Segment Start: Input records

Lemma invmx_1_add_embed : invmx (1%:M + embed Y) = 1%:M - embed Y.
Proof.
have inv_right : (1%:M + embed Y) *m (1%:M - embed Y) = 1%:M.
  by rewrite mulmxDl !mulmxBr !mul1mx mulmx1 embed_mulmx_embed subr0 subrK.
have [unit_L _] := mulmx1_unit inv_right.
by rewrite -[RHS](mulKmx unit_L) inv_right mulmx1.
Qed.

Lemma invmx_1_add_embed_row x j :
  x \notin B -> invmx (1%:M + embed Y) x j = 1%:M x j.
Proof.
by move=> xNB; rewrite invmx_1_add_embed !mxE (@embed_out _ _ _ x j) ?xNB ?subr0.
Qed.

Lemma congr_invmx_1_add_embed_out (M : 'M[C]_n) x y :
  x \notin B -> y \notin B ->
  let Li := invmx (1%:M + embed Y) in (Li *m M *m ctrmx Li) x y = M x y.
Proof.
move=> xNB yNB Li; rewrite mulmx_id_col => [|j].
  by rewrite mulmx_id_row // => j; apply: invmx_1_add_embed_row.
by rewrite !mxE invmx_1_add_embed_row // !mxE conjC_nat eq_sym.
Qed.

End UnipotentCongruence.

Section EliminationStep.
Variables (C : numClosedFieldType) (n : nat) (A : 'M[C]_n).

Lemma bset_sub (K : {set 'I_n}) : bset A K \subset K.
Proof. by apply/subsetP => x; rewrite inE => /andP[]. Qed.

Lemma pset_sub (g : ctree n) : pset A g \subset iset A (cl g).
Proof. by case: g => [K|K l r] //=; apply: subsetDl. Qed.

Segment End: Input records
Segment Start: Input records

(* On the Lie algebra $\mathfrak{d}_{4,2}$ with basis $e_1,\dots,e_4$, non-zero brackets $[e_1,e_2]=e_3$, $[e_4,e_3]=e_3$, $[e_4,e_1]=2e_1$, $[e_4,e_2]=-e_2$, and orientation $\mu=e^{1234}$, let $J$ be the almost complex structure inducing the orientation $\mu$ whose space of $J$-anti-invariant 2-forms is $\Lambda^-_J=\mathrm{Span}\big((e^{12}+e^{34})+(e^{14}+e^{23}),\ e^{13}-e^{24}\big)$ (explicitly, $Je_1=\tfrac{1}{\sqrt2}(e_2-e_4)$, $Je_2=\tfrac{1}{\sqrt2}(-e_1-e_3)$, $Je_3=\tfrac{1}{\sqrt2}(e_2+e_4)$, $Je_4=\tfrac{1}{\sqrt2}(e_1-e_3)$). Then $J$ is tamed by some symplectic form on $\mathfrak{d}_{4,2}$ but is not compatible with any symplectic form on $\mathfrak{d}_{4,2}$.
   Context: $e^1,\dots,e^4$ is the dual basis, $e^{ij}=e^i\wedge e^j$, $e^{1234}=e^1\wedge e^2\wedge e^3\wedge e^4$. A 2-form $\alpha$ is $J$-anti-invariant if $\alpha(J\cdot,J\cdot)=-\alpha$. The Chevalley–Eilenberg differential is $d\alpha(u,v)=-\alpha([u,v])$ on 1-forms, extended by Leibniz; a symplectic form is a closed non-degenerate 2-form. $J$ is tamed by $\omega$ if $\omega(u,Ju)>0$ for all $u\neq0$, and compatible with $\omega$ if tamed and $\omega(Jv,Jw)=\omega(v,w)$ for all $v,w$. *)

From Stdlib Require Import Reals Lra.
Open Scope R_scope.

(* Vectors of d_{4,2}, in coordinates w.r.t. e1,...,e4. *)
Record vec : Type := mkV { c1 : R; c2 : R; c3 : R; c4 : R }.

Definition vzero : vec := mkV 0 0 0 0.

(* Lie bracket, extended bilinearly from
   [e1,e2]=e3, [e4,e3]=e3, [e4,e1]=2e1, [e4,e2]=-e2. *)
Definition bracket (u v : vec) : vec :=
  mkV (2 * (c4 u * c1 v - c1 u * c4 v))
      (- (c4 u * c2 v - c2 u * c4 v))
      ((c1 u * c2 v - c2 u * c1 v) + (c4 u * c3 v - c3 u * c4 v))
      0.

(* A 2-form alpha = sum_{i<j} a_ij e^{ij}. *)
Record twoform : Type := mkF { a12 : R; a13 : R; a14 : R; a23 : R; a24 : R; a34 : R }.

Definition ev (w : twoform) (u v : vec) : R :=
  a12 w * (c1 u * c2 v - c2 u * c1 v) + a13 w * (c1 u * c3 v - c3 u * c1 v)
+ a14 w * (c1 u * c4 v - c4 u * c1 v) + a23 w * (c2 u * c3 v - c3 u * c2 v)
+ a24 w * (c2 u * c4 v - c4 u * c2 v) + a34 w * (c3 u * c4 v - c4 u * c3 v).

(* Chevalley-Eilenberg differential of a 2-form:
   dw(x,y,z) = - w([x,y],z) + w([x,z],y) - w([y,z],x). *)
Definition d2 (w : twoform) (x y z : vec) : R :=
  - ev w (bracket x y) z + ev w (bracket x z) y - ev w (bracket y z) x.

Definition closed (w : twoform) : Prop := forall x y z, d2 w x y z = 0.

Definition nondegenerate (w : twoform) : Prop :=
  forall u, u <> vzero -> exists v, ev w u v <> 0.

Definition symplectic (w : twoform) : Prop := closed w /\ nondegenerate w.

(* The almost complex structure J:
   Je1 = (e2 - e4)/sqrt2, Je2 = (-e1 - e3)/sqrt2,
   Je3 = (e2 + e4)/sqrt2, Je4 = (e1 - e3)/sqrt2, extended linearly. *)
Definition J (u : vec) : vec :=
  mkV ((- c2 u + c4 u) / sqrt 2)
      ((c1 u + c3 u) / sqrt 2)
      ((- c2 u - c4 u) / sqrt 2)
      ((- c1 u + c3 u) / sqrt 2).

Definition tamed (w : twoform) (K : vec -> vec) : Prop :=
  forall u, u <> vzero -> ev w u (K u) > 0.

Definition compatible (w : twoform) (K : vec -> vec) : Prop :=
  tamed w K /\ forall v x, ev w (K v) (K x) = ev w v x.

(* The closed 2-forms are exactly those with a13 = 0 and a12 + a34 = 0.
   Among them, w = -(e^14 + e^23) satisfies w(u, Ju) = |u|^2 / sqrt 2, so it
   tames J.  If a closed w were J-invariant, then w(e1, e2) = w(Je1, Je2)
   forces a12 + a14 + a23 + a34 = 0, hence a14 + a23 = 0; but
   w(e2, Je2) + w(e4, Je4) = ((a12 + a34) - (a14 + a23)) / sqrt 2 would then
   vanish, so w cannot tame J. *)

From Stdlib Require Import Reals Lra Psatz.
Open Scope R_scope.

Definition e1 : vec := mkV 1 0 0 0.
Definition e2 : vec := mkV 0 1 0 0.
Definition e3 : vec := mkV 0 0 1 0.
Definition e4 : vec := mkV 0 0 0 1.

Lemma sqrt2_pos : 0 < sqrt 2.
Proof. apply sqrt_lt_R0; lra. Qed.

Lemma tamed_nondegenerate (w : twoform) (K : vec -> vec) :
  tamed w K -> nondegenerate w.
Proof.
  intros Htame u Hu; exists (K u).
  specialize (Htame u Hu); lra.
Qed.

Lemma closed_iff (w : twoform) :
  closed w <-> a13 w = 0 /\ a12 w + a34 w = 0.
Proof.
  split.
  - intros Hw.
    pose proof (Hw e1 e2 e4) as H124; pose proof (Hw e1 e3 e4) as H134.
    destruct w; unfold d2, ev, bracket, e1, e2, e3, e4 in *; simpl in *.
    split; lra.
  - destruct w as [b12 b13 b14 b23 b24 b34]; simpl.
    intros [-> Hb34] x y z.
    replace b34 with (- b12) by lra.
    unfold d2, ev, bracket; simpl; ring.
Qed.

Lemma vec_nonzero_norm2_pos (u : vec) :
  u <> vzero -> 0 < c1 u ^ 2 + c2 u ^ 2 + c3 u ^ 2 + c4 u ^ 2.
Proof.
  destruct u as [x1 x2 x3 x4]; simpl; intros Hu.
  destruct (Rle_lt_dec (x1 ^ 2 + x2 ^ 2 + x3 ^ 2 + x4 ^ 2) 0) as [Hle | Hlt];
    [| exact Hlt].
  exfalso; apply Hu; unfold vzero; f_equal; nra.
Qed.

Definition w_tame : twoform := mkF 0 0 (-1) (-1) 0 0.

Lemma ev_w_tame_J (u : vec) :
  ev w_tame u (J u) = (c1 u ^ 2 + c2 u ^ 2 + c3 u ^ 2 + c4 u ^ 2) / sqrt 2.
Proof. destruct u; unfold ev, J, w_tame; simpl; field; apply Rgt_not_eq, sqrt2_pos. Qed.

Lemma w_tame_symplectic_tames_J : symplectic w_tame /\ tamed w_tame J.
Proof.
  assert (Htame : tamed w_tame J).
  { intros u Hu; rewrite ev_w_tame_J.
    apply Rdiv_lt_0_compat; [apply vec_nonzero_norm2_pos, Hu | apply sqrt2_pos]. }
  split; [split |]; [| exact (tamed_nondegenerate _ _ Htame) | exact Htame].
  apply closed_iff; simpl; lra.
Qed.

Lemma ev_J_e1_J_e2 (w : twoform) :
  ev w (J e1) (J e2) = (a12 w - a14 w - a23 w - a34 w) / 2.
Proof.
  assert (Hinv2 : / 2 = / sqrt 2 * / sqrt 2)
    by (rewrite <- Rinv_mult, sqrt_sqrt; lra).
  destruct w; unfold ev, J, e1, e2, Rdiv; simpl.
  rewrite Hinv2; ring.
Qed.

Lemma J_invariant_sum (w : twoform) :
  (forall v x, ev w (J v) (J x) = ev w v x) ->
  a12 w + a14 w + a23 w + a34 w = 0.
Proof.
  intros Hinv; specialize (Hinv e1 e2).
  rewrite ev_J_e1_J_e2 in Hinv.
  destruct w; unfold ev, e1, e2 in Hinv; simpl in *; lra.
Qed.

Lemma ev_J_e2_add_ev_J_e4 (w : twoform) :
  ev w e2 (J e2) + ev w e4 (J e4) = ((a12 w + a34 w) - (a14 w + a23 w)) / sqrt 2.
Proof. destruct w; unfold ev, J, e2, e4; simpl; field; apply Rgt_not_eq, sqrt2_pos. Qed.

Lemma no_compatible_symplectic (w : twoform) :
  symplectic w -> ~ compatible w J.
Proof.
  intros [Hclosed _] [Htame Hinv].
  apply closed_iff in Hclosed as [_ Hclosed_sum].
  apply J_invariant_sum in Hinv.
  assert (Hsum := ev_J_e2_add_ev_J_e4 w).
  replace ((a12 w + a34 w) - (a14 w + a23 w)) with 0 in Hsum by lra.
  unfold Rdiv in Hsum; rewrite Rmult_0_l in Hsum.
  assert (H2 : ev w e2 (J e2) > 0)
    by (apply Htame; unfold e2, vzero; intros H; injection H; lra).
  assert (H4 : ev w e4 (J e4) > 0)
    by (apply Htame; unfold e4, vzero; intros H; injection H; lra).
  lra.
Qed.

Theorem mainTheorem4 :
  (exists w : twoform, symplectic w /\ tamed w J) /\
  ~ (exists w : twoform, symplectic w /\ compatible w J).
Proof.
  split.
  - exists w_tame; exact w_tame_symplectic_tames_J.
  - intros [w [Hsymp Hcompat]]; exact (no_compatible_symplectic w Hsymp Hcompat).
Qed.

Segment End: Input records
Segment Start: Input records

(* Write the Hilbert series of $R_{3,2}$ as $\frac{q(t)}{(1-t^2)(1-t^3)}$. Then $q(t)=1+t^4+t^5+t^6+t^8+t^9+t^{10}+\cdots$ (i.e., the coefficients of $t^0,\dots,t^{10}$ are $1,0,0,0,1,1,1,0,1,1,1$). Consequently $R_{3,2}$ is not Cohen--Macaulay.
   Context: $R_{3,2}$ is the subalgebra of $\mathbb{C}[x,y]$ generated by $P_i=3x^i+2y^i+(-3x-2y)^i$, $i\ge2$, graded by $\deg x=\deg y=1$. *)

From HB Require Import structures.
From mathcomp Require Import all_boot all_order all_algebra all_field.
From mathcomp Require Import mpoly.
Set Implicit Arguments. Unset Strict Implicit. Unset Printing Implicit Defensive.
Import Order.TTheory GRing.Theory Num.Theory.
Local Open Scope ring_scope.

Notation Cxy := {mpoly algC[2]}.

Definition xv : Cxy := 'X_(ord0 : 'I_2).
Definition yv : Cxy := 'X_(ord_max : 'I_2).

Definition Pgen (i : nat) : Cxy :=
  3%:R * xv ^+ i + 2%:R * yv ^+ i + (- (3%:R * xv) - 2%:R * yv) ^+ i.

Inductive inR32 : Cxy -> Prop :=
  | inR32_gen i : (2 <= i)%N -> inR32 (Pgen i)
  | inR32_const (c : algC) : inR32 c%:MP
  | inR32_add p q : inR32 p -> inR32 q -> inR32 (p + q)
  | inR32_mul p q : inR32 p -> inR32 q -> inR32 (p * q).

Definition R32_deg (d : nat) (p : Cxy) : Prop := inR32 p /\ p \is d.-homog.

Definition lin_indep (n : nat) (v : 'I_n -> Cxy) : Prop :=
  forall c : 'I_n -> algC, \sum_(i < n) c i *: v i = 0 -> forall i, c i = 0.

Segment End: Input records

Aim of the task> An exact copy of the lines above, from the one containing "inR32 (p * q)." through the one containing "forall c : 'I_n", is the whole of the answer.

Expected answer>
  | inR32_mul p q : inR32 p -> inR32 q -> inR32 (p * q).

Definition R32_deg (d : nat) (p : Cxy) : Prop := inR32 p /\ p \is d.-homog.

Definition lin_indep (n : nat) (v : 'I_n -> Cxy) : Prop :=
  forall c : 'I_n -> algC, \sum_(i < n) c i *: v i = 0 -> forall i, c i = 0.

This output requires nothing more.